** Opening Entries supplied block **
(* Let $q$ be a prime power and $n$ a positive integer. Let $g, h\in \mathbb{F}_q[x]$ be relatively prime polynomials such that $g(x)$ divides $x^n-1$ and $x^n-1$ divides $g(x)\cdot h(x)$. Then for every polynomial $f\in \mathbb{F}_{q^n}[x]$, the polynomial $P_{f,g,h}(x)=f(L_g(x))+L_h(x)$ is a permutation polynomial of $\mathbb{F}_{q^n}$ if and only if $L_g(f(x))$ induces a permutation of the set $L_g(\mathbb{F}_{q^n})=\{L_g(c):c\in\mathbb{F}_{q^n}\}$. In particular, if $f(L_g(\mathbb{F}_{q^n}))\subseteq L_g(\mathbb{F}_{q^n})$, then $P_{f,g,h}$ is a permutation polynomial of $\mathbb{F}_{q^n}$ if and only if $f$ induces a permutation of $L_g(\mathbb{F}_{q^n})$.
   Context: For a polynomial $u(x)=\sum_{i=0}^m a_i x^i\in\mathbb{F}_q[x]$, its linearized $q$-associate is $L_u(x)=\sum_{i=0}^m a_i x^{q^i}$. A permutation polynomial of $\mathbb{F}_{q^n}$ is a polynomial inducing a bijection of $\mathbb{F}_{q^n}$. *)

From HB Require Import structures.
From mathcomp Require Import all_boot all_order all_algebra all_field.
Set Implicit Arguments. Unset Strict Implicit. Unset Printing Implicit Defensive.
Import GRing.Theory.
Local Open Scope ring_scope.

(* Linearized q-associate of u = \sum a_i x^i in F[x], viewed in L[x]
   (coefficients embedded via F -> L):  L_u(x) = \sum a_i x^(q^i). *)
Definition linq (F : fieldType) (L : fieldExtType F) (q : nat) (u : {poly F})
  : {poly L} :=
  \sum_(i < size u) (u`_i)%:A%:P * 'X^(q ^ i).

Definition poly_image (L : fieldType) (p : {poly L}) : L -> Prop :=
  fun y => exists c, p.[c] = y.

Definition permutes_set (T : Type) (S : T -> Prop) (phi : T -> T) : Prop :=
  [/\ forall x, S x -> S (phi x),
      forall x y, S x -> S y -> phi x = phi y -> x = y
    & forall y, S y -> exists x, S x /\ phi x = y].

Definition perm_poly (L : fieldType) (p : {poly L}) : Prop :=
  bijective (fun x : L => p.[x]).

From HB Require Import structures.
From mathcomp Require Import all_boot all_order all_algebra all_solvable all_field.
Set Implicit Arguments. Unset Strict Implicit. Unset Printing Implicit Defensive.
Import GRing.Theory FalgLfun.
Local Open Scope ring_scope.

(* Let s be the Frobenius x |-> x ^+ q, an F-linear endomorphism of L with
   s ^+ n = 1, so that L_u is the endomorphism u(s), and A = g(s), B = h(s)
   satisfy A B = 0 and, by Bezout, u A + w B = 1.  Then x |-> (A x, B x)
   identifies L with A(L) x B(L), where B(L) = ker A, and in these coordinates
   x |-> f (A x) + B x is triangular: its first coordinate is A f on A(L),
   and for a fixed first coordinate the second one is a translate of B, which
   is bijective on B(L).  So the map is bijective iff A f permutes A(L); as A
   itself permutes A(L), this is equivalent to f permuting A(L) whenever f
   maps A(L) into itself. *)

Definition range_of (aT rT : Type) (phi : aT -> rT) : rT -> Prop :=
  fun y => exists x, phi x = y.

Lemma inj_surj_bij (aT : choiceType) (rT : eqType) (phi : aT -> rT) :
  injective phi -> (forall y, exists x, phi x = y) -> bijective phi.
Proof.
move=> phi_inj phi_onto.
have ex_pre y : exists x, phi x == y by have [x <-] := phi_onto y; exists x.
exists (fun y => xchoose (ex_pre y)) => [x | y]; last exact/eqP/(xchooseP (ex_pre y)).
by apply: phi_inj; apply/eqP/(xchooseP (ex_pre _)).
Qed.

Lemma eq_permutes_set (T : Type) (S1 S2 : T -> Prop) (phi psi : T -> T) :
  (forall x, S1 x <-> S2 x) -> phi =1 psi ->
  permutes_set S1 phi <-> permutes_set S2 psi.
Proof.
suff sub S S' (f f' : T -> T) : (forall x, S x <-> S' x) -> f =1 f' ->
    permutes_set S f -> permutes_set S' f'.
  move=> eS ef; split; first exact: sub eS ef.
  by apply: sub => x; [split=> /eS | rewrite ef].
move=> eS ef [f_in f_inj f_onto]; split.
- by move=> x /eS /f_in; rewrite ef => /eS.
- by move=> x y /eS Sx /eS Sy; rewrite -!ef; apply: f_inj.
- by move=> y /eS /f_onto [x [/eS Sx <-]]; exists x; rewrite ef.
Qed.

Lemma permutes_set_comp (T : Type) (S : T -> Prop) (phi f : T -> T) :
  permutes_set S phi -> (forall x, S x -> S (f x)) ->
  permutes_set S (fun x => phi (f x)) <-> permutes_set S f.
Proof.
move=> [phi_in phi_inj phi_onto] f_in; split=> [[_ inj onto] | [_ inj onto]].
- split=> // [x y Sx Sy fxy | y Sy]; first by apply: inj => //; rewrite fxy.
  have [x [Sx phi_fx]] := onto _ (phi_in y Sy).
  by exists x; split=> //; apply: phi_inj => //; apply: f_in.
- split=> [x /f_in /phi_in // | x y Sx Sy | y Sy].
    by move/(phi_inj _ _ (f_in _ Sx) (f_in _ Sy)); apply: inj.
  have [z [Sz <-]] := phi_onto y Sy; have [x [Sx <-]] := onto z Sz.
  by exists x.
Qed.

Section CoprimeAnnihilator.
Variables (K : fieldType) (V : falgType K) (s : 'End(V)) (g h : {poly K}).
Hypotheses (coprime_gh : coprimep g h) (ann_gh : horner_alg s (g * h) = 0).

Local Notation ev := (horner_alg s).
Local Notation A := (ev g).
Local Notation B := (ev h).

Lemma horner_alg_lfunM p r x : ev (p * r) x = ev p (ev r x).
Proof. by rewrite mulrC rmorphM lfun_mulE. Qed.

Lemma horner_alg_lfun_comm p r x : ev p (ev r x) = ev r (ev p x).
Proof. by rewrite -!horner_alg_lfunM mulrC. Qed.

Lemma ev_gh0 x : A (B x) = 0.
Proof. by rewrite -horner_alg_lfunM ann_gh lfunE. Qed.

Lemma ev_hg0 x : B (A x) = 0.
Proof. by rewrite horner_alg_lfun_comm ev_gh0. Qed.

Lemma bezout_decomposition : exists u w, forall x, x = ev u (A x) + ev w (B x).
Proof.
have [[u w] /= uw1] := Bezout_eq1_coprimepP _ _ coprime_gh.
exists u, w => x.
by rewrite -!horner_alg_lfunM -add_lfunE -rmorphD uw1 rmorph1 id_lfunE.
Qed.

Lemma ker_inter0 x : A x = 0 -> B x = 0 -> x = 0.
Proof.
have [u [w dec]] := bezout_decomposition.
by move=> Ax0 Bx0; rewrite (dec x) Ax0 Bx0 !raddf0 addr0.
Qed.

Lemma kerA_range z : A z = 0 -> range_of B z.
Proof.
have [u [w dec]] := bezout_decomposition.
move=> Az0; exists (ev w z).
by rewrite horner_alg_lfun_comm {2}(dec z) Az0 raddf0 add0r.
Qed.

Lemma kerB_range z : B z = 0 -> range_of A z.
Proof.
have [u [w dec]] := bezout_decomposition.
move=> Bz0; exists (ev u z).
by rewrite horner_alg_lfun_comm {2}(dec z) Bz0 raddf0 addr0.
Qed.

Lemma range_glue a b : exists x, A x = A a /\ B x = B b.
Proof.
have [u [w dec]] := bezout_decomposition.
have A_wB y : A (ev w (B y)) = 0 by rewrite horner_alg_lfun_comm ev_gh0 raddf0.
have B_uA y : B (ev u (A y)) = 0 by rewrite horner_alg_lfun_comm ev_hg0 raddf0.
exists (ev u (A a) + ev w (B b)); rewrite !linearD /= A_wB B_uA addr0 add0r.
split; first by rewrite {2}(dec a) linearD /= A_wB addr0.
by rewrite {2}(dec b) linearD /= B_uA add0r.
Qed.

Lemma range_A_permutes : permutes_set (range_of A) A.
Proof.
split=> [x _ | _ _ [a <-] [b <-] Aab | _ [a <-]]; first by exists x.
- apply/eqP; rewrite -subr_eq0; apply/eqP.
  by apply: ker_inter0; rewrite linearB /= ?Aab ?subrr // !ev_hg0 subrr.
- have [x [Ax Bx]] := range_glue a 0.
  by exists x; split=> //; apply: kerB_range; rewrite Bx raddf0.
Qed.

Lemma bijective_fA_addB (f : V -> V) :
  bijective (fun x => f (A x) + B x) <-> permutes_set (range_of A) (fun x => A (f x)).
Proof.
have AP x : A (f (A x) + B x) = A (f (A x)) by rewrite linearD /= ev_gh0 addr0.
split=> [[Pinv PK KP] | [_ inj onto]].
- split=> [x _ | _ _ [a <-] [b <-] Eab | _ [z <-]]; first by exists (f x).
  + have [t Bt] : range_of B (f (A a) - f (A b)).
      by apply: kerA_range; rewrite linearB /= Eab subrr.
    have [x [Ax Bx]] := range_glue b (a + t).
    suff <- : x = a by [].
    apply: (can_inj PK) => /=.
    by rewrite Ax Bx linearD /= Bt addrCA [f (A b) + _]addrC subrK addrC.
  + by exists (A (Pinv z)); split; [exists (Pinv z) | rewrite -AP KP].
- apply: inj_surj_bij => [x y /= Pxy | z].
  + have Axy : A x = A y by apply: inj; [exists x | exists y | rewrite -!AP Pxy].
    move: Pxy; rewrite Axy => /addrI Bxy.
    apply/eqP; rewrite -subr_eq0; apply/eqP.
    by apply: ker_inter0; rewrite linearB /= ?Axy ?Bxy subrr.
  + have [_ [[a <-] Aa]] := onto (A z) (ex_intro _ z erefl).
    have [t Bt] : range_of B (z - f (A a)).
      by apply: kerA_range; rewrite linearB /= Aa subrr.
    have [x [Ax Bx]] := range_glue a t.
    by exists x; rewrite Ax Bx Bt addrC subrK.
Qed.

End CoprimeAnnihilator.

Section Frobenius.
Variables (F : finFieldType) (L : fieldExtType F).
Local Notation q := #|F|.

Lemma exprD_card (x y : L) : (x + y) ^+ q = x ^+ q + y ^+ q.
Proof.
have [p pr_p pFp] := finPcharP F.
have pLp : p \in [pchar L] by rewrite (pchar_lalg L).
have := abelem_pgroup (fin_ring_pchar_abelem pFp); rewrite /pgroup cardsT => p_q.
by rewrite exprDn_pchar // (eq_pnat _ (pcharf_eq pLp)).
Qed.

Definition frobenius_card (x : L) : L := x ^+ q.

Lemma frobenius_card_is_linear : linear frobenius_card.
Proof.
move=> a x y; rewrite /frobenius_card exprD_card -mulr_algl exprMn.
by rewrite -[a%:A]/(in_alg L a) -rmorphXn expf_card mulr_algl.
Qed.

HB.instance Definition _ :=
  GRing.isLinear.Build F L L *:%R frobenius_card frobenius_card_is_linear.

Definition frobenius : 'End(L) := linfun frobenius_card.

Lemma frobeniusXE i x : (frobenius ^+ i) x = x ^+ (q ^ i).
Proof.
elim: i => [|i IHi]; first by rewrite expr0 expn0 expr1 id_lfunE.
by rewrite exprSr lfun_mulE IHi lfunE /= /frobenius_card -exprM expnSr.
Qed.

Lemma horner_linq (u : {poly F}) x : (linq L q u).[x] = horner_alg frobenius u x.
Proof.
rewrite -[u in RHS]coefK poly_def /linq horner_sum rmorph_sum sum_lfunE.
apply: eq_bigr => i _.
rewrite hornerCM hornerXn -mul_polyC rmorphM /= horner_algC rmorphXn /= horner_algX.
by rewrite !mulr_algl scale_lfunE frobeniusXE.
Qed.

Lemma horner_alg_frobenius_Xn_sub1 : horner_alg frobenius ('X^(\dim {:L}) - 1) = 0.
Proof.
apply/lfunP => x; rewrite rmorphB rmorphXn rmorph1 /= horner_algX.
rewrite add_lfunE opp_lfunE frobeniusXE id_lfunE zero_lfunE.
have := Fermat's_little_theorem {:L}%AS x.
by rewrite memvf => /esym/eqP ->; rewrite subrr.
Qed.

End Frobenius.

Theorem proposition2p7 (F : finFieldType) (L : fieldExtType F) (n : nat)
    (n_gt0 : (0 < n)%N) (dimL : \dim {: L} = n)
    (g h : {poly F})
    (cop : coprimep g h)
    (g_dvd : g %| 'X^n - 1)
    (dvd_gh : 'X^n - 1 %| g * h) :
  let q := #|F| in
  let Lg := linq L q g in
  let Lh := linq L q h in
  forall f : {poly L},
    (perm_poly (f \Po Lg + Lh) <->
       permutes_set (poly_image Lg) (fun x => (Lg \Po f).[x]))
    /\
    ((forall y, poly_image Lg y -> poly_image Lg f.[y]) ->
       (perm_poly (f \Po Lg + Lh) <->
          permutes_set (poly_image Lg) (fun x => f.[x]))).
Proof.
move=> q Lg Lh f.
pose A := horner_alg (frobenius L) g; pose B := horner_alg (frobenius L) h.
have ann_gh : horner_alg (frobenius L) (g * h) = 0.
  have [k ->] := dvdpP _ _ dvd_gh.
  by rewrite rmorphM /= -dimL horner_alg_frobenius_Xn_sub1 mulr0.
have image_Lg y : range_of A y <-> poly_image Lg y.
  by split=> -[c <-]; exists c; rewrite horner_linq.
have perm_P : perm_poly (f \Po Lg + Lh) <-> bijective (fun x => f.[A x] + B x).
  by split=> P_bij; apply: (eq_bij P_bij) => x;
    rewrite hornerD horner_comp !horner_linq.
have reduction := iff_trans perm_P (bijective_fA_addB cop ann_gh (fun y => f.[y])).
split=> [|f_in]; apply: (iff_trans reduction).
  by apply: eq_permutes_set => // x; rewrite horner_comp horner_linq.
have f_range y : range_of A y -> range_of A f.[y].
  by move=> /image_Lg /f_in /image_Lg.
apply: iff_trans (permutes_set_comp (range_A_permutes cop ann_gh) f_range) _.
exact: eq_permutes_set.
Qed.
** Closing Entries supplied block **
From the records, copy out each line that includes the string "with".

• _Written response_:
(* Let s be the Frobenius x |-> x ^+ q, an F-linear endomorphism of L with
   identifies L with A(L) x B(L), where B(L) = ker A, and in these coordinates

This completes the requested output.